- _TASK DIRECTIONS_
Write out, word for word, every line in the data below from the one containing "mixed x /\ exists v, is_disc_value lam v /\" to the one containing "b[ &, nonincreasing_fun", both of them included.
==== MATERIAL PROVIDED ====
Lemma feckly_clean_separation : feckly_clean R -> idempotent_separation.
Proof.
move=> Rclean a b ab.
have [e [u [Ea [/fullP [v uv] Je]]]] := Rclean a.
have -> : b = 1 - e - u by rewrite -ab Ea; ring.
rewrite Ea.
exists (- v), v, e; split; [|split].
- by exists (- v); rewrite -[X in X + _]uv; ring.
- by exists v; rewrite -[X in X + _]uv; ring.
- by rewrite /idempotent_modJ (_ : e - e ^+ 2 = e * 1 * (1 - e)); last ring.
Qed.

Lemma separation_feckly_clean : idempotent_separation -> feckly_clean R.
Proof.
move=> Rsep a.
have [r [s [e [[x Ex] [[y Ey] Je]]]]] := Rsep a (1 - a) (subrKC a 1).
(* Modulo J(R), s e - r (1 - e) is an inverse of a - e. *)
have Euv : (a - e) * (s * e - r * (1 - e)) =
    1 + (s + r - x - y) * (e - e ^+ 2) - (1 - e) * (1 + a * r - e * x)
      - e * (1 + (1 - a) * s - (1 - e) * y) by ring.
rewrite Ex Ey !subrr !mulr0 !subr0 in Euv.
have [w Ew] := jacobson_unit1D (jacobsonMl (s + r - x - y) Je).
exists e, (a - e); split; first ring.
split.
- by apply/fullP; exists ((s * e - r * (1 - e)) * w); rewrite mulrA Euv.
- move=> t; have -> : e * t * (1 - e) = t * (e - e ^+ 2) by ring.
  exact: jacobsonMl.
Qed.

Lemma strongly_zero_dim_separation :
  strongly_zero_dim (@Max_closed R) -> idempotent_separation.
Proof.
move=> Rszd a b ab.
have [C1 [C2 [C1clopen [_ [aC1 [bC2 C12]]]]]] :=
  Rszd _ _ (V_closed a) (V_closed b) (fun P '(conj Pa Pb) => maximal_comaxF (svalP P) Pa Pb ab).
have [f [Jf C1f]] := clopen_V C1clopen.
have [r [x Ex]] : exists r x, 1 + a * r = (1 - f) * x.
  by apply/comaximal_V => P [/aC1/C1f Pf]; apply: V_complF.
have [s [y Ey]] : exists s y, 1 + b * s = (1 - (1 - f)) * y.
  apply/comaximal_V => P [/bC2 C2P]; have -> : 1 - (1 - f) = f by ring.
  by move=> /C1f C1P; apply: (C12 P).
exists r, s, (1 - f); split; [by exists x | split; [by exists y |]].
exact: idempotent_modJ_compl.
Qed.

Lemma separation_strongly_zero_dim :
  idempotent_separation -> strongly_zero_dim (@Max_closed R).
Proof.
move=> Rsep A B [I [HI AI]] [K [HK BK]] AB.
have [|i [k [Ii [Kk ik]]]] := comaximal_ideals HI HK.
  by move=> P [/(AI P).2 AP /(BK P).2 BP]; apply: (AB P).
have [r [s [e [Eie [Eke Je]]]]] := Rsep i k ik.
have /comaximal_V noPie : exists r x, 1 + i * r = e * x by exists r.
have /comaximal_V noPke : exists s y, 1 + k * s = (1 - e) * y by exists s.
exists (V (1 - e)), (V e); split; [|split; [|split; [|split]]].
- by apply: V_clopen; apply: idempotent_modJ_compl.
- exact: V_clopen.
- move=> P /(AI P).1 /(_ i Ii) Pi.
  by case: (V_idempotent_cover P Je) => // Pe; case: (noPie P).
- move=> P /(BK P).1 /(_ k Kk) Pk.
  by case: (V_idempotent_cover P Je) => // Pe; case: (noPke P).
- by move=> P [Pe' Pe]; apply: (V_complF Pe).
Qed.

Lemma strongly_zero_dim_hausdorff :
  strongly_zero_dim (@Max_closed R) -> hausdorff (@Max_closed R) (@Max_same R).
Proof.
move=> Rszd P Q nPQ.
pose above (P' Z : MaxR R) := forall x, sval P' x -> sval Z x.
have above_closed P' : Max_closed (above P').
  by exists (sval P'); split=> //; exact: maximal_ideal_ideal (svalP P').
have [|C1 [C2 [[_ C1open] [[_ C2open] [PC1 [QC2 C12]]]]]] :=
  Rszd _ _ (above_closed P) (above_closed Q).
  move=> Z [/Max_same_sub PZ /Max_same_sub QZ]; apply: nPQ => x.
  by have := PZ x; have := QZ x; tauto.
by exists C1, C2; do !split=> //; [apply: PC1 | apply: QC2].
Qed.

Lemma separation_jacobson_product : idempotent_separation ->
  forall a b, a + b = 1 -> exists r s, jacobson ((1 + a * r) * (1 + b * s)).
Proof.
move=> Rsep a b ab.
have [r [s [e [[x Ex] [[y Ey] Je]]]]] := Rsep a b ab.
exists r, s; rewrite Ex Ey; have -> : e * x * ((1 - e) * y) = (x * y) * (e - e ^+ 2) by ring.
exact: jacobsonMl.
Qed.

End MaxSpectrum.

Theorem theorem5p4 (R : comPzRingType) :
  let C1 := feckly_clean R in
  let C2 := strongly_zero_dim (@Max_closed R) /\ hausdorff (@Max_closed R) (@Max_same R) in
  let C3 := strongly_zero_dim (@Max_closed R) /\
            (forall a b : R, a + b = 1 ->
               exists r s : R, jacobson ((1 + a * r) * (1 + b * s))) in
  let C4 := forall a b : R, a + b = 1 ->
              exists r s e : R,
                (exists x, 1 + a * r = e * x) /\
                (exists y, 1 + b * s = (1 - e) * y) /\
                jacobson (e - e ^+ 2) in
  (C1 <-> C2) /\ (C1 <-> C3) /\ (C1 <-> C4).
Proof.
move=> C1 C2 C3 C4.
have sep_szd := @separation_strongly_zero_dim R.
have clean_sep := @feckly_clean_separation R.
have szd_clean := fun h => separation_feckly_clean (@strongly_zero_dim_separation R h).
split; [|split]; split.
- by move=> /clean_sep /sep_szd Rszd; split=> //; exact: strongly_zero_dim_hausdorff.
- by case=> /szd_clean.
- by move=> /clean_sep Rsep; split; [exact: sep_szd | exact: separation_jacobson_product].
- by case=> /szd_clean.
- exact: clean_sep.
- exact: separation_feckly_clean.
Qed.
====
==== MATERIAL PROVIDED ====
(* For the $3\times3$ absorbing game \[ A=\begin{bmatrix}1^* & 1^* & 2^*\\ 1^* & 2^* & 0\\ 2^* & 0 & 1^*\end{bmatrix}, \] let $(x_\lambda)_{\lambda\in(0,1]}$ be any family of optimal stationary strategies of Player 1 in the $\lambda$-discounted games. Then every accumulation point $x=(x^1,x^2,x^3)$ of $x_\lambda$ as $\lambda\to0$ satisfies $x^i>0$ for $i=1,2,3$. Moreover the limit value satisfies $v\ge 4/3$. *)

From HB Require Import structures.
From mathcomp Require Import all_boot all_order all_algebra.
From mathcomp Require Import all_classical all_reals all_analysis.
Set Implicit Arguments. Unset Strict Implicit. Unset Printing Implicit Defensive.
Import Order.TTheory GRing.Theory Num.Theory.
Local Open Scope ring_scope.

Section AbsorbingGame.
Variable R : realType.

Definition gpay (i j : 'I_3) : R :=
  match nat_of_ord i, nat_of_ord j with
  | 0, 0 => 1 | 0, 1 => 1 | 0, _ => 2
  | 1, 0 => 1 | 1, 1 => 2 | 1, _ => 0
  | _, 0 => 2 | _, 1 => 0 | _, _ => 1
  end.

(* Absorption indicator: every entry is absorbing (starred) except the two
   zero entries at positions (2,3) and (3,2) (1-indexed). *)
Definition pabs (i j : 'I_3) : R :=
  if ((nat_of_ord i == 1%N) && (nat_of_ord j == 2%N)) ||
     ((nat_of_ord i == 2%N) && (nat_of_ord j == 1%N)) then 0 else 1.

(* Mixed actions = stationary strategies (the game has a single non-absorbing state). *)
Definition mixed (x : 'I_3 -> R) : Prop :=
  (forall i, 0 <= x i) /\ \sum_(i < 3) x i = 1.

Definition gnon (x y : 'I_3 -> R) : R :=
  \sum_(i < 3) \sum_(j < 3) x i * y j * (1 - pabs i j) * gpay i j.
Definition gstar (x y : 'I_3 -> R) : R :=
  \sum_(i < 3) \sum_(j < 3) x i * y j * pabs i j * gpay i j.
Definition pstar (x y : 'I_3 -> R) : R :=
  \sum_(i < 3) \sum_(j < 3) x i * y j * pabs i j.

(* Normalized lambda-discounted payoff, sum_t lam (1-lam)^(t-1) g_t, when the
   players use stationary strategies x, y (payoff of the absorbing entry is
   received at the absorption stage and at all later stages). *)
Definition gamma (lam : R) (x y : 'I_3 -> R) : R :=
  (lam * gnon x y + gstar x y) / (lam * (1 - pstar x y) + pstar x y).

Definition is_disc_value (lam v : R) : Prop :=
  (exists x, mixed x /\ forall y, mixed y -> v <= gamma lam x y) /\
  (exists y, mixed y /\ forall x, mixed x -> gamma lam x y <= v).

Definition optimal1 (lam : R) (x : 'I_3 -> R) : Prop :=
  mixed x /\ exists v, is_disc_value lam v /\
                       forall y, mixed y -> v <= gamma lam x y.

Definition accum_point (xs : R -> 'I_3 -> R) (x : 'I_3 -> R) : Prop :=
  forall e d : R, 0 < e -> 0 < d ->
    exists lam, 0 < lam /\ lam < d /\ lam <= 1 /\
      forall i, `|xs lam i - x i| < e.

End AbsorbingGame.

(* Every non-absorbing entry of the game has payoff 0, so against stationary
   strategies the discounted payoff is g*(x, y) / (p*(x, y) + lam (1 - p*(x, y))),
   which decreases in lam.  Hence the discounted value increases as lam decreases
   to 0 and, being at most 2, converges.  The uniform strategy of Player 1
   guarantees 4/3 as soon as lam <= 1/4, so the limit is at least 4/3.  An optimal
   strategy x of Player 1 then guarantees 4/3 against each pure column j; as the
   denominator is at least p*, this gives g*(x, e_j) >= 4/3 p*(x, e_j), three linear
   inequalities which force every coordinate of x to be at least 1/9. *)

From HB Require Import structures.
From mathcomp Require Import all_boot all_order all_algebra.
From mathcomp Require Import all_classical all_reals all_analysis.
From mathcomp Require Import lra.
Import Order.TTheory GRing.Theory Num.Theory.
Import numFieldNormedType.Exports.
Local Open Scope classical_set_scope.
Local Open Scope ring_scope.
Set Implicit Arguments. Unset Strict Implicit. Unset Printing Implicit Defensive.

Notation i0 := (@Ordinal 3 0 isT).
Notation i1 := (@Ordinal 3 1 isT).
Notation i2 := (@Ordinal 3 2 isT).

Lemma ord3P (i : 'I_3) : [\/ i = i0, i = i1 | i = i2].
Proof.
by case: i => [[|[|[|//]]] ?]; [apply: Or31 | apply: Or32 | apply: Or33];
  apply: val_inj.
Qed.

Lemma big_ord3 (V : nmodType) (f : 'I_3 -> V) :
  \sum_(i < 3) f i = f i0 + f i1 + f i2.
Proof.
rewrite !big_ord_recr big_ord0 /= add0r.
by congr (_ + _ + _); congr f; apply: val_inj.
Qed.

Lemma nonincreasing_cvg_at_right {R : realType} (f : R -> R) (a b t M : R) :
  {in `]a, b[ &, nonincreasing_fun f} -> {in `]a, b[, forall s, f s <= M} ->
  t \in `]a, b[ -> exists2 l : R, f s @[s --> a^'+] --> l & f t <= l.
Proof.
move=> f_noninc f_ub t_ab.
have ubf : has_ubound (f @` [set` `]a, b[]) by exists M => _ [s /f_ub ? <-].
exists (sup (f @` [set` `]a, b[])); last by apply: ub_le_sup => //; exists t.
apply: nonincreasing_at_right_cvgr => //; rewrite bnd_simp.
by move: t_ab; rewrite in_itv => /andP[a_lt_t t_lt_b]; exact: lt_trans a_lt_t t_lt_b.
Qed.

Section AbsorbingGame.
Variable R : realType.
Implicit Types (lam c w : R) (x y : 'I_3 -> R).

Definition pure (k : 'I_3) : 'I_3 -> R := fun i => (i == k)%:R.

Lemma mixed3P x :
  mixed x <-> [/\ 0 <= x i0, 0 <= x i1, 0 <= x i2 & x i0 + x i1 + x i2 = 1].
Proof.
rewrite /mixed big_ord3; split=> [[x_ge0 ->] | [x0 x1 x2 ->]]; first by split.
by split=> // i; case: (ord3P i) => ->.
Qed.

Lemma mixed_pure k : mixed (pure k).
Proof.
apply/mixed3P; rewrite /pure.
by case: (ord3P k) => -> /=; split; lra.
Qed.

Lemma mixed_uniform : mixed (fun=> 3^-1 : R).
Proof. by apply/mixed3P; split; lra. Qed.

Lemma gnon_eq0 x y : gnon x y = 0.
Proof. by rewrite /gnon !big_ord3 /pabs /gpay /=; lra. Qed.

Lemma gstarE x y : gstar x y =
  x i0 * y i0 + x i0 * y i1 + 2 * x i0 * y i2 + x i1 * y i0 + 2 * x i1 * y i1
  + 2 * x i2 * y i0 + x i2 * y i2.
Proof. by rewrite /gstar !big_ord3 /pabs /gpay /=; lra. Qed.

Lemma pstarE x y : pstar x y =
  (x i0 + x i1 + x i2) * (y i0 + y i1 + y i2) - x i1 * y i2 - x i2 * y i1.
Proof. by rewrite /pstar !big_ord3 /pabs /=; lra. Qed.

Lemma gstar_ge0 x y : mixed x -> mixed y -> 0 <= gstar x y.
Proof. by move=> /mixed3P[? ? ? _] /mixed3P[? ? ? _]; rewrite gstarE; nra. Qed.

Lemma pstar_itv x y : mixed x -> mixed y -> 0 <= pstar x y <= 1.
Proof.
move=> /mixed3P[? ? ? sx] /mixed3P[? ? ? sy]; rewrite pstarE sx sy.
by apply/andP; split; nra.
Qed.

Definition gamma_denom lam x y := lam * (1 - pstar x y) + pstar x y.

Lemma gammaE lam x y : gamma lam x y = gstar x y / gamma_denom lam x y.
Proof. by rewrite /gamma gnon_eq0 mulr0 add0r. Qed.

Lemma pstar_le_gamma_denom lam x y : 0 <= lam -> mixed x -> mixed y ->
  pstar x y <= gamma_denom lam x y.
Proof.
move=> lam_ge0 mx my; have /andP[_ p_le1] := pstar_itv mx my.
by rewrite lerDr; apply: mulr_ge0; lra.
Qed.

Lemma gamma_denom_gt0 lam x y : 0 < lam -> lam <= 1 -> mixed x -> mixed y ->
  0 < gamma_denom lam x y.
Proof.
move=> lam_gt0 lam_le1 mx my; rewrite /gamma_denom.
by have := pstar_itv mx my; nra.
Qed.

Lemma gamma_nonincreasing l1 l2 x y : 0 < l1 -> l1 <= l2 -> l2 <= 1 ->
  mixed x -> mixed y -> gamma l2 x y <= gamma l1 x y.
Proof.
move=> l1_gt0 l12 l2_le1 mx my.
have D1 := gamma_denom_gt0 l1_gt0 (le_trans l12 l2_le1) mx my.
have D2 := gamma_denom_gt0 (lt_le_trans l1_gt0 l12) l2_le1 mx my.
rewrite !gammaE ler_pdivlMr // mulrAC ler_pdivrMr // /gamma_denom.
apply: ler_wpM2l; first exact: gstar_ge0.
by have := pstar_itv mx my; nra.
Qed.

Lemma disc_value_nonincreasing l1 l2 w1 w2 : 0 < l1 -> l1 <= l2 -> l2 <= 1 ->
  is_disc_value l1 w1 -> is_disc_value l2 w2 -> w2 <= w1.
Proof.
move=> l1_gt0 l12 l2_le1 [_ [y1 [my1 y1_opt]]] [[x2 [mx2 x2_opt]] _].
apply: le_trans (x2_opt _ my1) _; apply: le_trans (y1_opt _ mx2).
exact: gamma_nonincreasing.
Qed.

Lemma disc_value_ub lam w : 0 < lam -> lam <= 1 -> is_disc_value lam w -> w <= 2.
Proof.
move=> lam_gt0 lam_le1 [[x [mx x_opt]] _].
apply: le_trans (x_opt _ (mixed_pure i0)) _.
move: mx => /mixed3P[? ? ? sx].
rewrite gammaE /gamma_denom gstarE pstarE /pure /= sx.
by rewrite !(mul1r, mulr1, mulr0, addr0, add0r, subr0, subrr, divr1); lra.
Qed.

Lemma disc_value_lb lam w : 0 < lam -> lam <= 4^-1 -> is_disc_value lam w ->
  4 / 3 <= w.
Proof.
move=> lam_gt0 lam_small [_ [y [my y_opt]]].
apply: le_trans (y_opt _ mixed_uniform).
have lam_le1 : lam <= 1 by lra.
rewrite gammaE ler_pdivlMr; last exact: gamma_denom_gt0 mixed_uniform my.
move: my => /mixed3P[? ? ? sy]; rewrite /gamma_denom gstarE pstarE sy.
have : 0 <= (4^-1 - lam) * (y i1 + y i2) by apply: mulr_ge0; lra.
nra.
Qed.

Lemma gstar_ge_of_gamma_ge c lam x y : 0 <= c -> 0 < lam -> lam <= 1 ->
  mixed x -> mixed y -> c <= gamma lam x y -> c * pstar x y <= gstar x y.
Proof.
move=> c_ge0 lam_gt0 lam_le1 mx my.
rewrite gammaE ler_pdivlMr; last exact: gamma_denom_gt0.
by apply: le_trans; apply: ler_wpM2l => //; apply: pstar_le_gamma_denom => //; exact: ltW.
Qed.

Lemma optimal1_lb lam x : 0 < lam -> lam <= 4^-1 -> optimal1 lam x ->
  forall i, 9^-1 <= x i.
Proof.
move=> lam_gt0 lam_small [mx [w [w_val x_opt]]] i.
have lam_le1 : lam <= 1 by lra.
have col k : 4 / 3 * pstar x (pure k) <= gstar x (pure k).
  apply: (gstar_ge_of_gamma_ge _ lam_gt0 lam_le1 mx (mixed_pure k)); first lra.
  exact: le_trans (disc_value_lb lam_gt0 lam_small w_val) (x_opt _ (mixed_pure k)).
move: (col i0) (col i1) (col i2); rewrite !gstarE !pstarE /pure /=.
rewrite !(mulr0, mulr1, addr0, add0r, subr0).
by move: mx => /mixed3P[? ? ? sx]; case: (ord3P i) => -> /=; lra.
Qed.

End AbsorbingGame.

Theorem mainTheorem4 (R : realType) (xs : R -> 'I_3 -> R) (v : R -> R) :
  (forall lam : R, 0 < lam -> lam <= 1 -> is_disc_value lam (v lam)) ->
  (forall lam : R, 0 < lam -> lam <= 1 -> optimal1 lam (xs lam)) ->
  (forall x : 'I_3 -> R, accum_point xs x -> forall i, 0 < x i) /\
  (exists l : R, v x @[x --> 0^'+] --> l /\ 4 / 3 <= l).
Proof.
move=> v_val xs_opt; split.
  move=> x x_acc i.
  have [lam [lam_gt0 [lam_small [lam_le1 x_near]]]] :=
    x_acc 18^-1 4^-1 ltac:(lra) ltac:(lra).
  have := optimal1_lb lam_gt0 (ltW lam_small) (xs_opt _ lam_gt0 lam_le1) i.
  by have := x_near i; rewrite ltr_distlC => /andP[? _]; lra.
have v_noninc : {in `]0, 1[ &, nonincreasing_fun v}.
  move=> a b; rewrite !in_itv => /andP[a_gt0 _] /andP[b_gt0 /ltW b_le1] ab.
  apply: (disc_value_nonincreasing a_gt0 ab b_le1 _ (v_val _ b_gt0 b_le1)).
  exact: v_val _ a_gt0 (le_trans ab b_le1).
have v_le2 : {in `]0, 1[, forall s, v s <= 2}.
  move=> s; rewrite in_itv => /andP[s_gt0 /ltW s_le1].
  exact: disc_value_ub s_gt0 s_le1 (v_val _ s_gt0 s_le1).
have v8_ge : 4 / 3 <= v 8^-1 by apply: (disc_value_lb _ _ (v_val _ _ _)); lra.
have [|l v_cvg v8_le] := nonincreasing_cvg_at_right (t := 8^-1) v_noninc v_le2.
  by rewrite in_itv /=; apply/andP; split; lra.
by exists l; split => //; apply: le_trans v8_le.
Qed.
====
- _ANSWER FOR THE TASK_
  mixed x /\ exists v, is_disc_value lam v /\
                       forall y, mixed y -> v <= gamma lam x y.

Definition accum_point (xs : R -> 'I_3 -> R) (x : 'I_3 -> R) : Prop :=
  forall e d : R, 0 < e -> 0 < d ->
    exists lam, 0 < lam /\ lam < d /\ lam <= 1 /\
      forall i, `|xs lam i - x i| < e.

End AbsorbingGame.

(* Every non-absorbing entry of the game has payoff 0, so against stationary
   strategies the discounted payoff is g*(x, y) / (p*(x, y) + lam (1 - p*(x, y))),
   which decreases in lam.  Hence the discounted value increases as lam decreases
   to 0 and, being at most 2, converges.  The uniform strategy of Player 1
   guarantees 4/3 as soon as lam <= 1/4, so the limit is at least 4/3.  An optimal
   strategy x of Player 1 then guarantees 4/3 against each pure column j; as the
   denominator is at least p*, this gives g*(x, e_j) >= 4/3 p*(x, e_j), three linear
   inequalities which force every coordinate of x to be at least 1/9. *)

From HB Require Import structures.
From mathcomp Require Import all_boot all_order all_algebra.
From mathcomp Require Import all_classical all_reals all_analysis.
From mathcomp Require Import lra.
Import Order.TTheory GRing.Theory Num.Theory.
Import numFieldNormedType.Exports.
Local Open Scope classical_set_scope.
Local Open Scope ring_scope.
Set Implicit Arguments. Unset Strict Implicit. Unset Printing Implicit Defensive.

Notation i0 := (@Ordinal 3 0 isT).
Notation i1 := (@Ordinal 3 1 isT).
Notation i2 := (@Ordinal 3 2 isT).

Lemma ord3P (i : 'I_3) : [\/ i = i0, i = i1 | i = i2].
Proof.
by case: i => [[|[|[|//]]] ?]; [apply: Or31 | apply: Or32 | apply: Or33];
  apply: val_inj.
Qed.

Lemma big_ord3 (V : nmodType) (f : 'I_3 -> V) :
  \sum_(i < 3) f i = f i0 + f i1 + f i2.
Proof.
rewrite !big_ord_recr big_ord0 /= add0r.
by congr (_ + _ + _); congr f; apply: val_inj.
Qed.

Lemma nonincreasing_cvg_at_right {R : realType} (f : R -> R) (a b t M : R) :
  {in `]a, b[ &, nonincreasing_fun f} -> {in `]a, b[, forall s, f s <= M} ->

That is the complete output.